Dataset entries

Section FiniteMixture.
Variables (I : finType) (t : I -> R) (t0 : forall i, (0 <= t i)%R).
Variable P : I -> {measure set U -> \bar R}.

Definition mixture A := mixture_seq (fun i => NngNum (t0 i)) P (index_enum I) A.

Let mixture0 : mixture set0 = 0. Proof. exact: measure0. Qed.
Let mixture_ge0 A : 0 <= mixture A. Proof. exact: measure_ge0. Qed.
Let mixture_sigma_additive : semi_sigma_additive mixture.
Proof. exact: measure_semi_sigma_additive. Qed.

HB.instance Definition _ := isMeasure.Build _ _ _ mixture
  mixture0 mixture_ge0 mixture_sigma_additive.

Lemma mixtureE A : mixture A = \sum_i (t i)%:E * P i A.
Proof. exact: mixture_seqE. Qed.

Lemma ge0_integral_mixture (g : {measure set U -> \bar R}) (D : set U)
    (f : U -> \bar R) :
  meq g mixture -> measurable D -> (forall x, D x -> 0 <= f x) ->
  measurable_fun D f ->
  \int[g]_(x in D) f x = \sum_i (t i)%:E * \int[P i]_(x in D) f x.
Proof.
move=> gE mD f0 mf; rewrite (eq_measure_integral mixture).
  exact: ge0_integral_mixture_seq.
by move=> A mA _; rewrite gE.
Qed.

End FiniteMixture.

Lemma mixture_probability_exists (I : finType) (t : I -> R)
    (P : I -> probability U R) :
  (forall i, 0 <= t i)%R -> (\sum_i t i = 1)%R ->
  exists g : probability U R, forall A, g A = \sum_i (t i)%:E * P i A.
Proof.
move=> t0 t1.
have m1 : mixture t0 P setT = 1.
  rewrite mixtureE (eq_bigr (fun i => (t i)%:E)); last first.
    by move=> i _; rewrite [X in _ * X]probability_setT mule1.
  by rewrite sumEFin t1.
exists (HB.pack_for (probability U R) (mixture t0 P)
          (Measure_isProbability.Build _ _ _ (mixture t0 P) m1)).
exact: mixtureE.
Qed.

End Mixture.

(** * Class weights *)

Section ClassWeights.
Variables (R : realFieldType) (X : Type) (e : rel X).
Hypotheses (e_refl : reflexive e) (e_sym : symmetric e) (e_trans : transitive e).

==

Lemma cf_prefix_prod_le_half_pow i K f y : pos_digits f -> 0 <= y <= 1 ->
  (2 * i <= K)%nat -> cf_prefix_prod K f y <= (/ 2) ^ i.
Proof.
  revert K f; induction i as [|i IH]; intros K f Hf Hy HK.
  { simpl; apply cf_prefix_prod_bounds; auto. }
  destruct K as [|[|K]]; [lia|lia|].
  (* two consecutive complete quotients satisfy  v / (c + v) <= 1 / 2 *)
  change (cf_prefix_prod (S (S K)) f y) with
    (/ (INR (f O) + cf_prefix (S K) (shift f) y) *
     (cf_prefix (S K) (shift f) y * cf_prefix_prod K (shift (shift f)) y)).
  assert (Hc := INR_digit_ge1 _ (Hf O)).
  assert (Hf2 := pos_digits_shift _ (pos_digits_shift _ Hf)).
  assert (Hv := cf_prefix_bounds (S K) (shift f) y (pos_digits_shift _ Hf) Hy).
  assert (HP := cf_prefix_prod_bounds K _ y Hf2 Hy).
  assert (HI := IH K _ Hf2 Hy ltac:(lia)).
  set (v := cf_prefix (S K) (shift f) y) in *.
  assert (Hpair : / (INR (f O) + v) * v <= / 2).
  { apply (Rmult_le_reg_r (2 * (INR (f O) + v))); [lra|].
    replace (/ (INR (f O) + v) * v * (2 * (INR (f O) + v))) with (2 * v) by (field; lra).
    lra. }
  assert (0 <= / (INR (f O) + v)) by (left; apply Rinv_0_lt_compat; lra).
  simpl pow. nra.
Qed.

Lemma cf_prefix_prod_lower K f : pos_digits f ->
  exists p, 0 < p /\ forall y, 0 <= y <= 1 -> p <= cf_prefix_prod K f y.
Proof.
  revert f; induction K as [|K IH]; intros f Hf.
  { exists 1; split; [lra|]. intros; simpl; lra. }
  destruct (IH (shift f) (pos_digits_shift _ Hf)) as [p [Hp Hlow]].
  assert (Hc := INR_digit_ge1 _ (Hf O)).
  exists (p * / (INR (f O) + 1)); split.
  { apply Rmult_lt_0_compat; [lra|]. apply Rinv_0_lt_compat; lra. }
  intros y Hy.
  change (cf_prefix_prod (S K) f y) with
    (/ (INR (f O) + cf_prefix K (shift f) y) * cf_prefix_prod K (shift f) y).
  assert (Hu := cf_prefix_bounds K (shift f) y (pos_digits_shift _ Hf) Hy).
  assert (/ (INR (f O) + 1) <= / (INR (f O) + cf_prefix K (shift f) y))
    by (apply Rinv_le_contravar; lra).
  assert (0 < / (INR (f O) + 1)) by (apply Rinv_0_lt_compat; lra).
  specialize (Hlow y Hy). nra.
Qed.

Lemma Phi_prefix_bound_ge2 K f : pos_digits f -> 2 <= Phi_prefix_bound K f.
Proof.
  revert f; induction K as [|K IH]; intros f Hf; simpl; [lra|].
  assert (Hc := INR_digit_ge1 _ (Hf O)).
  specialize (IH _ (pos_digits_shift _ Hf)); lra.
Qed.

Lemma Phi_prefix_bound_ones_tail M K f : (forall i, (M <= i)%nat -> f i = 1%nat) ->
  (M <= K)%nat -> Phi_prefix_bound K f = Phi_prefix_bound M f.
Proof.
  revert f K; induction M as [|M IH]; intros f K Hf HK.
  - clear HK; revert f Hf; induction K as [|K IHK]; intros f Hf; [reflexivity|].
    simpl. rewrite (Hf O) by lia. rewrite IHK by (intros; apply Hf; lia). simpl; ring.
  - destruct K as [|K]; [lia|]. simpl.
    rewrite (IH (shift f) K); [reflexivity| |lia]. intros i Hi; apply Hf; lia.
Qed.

* * *

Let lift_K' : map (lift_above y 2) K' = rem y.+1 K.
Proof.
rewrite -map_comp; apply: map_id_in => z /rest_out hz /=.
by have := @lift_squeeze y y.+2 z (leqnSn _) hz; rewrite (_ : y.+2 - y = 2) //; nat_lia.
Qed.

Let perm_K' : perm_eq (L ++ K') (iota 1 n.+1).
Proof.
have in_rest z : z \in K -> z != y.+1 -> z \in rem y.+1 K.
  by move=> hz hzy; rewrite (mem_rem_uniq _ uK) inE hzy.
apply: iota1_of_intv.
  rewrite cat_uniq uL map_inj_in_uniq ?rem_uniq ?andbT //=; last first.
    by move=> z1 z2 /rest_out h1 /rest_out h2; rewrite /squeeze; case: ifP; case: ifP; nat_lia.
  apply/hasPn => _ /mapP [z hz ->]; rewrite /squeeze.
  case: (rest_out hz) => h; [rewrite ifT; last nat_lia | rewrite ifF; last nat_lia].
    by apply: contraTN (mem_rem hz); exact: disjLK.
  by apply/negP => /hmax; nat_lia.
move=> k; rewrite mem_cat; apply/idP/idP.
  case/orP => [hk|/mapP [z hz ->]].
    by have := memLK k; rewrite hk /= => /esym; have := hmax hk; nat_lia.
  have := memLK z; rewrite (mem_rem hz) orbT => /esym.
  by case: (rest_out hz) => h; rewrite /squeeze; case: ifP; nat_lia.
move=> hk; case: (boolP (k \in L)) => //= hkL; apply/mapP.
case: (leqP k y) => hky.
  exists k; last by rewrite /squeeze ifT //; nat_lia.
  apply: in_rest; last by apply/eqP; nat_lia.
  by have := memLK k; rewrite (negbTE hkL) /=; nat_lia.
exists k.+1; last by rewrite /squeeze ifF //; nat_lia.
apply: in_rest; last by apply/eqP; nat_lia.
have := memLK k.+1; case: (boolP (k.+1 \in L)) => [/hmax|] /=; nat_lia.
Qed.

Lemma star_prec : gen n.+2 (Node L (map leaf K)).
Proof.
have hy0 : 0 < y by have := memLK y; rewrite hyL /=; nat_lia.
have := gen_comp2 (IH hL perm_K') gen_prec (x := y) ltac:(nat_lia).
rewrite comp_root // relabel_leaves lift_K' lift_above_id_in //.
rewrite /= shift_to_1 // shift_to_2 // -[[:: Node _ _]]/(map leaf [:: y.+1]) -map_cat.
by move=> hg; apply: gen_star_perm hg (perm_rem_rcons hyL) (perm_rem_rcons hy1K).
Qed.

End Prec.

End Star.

#### [Exercise directions]
Every line above that holds the word "boolP" is to be found and copied.

#### [Exercise result]
move=> hk; case: (boolP (k \in L)) => //= hkL; apply/mapP.
have := memLK k.+1; case: (boolP (k.+1 \in L)) => [/hmax|] /=; nat_lia.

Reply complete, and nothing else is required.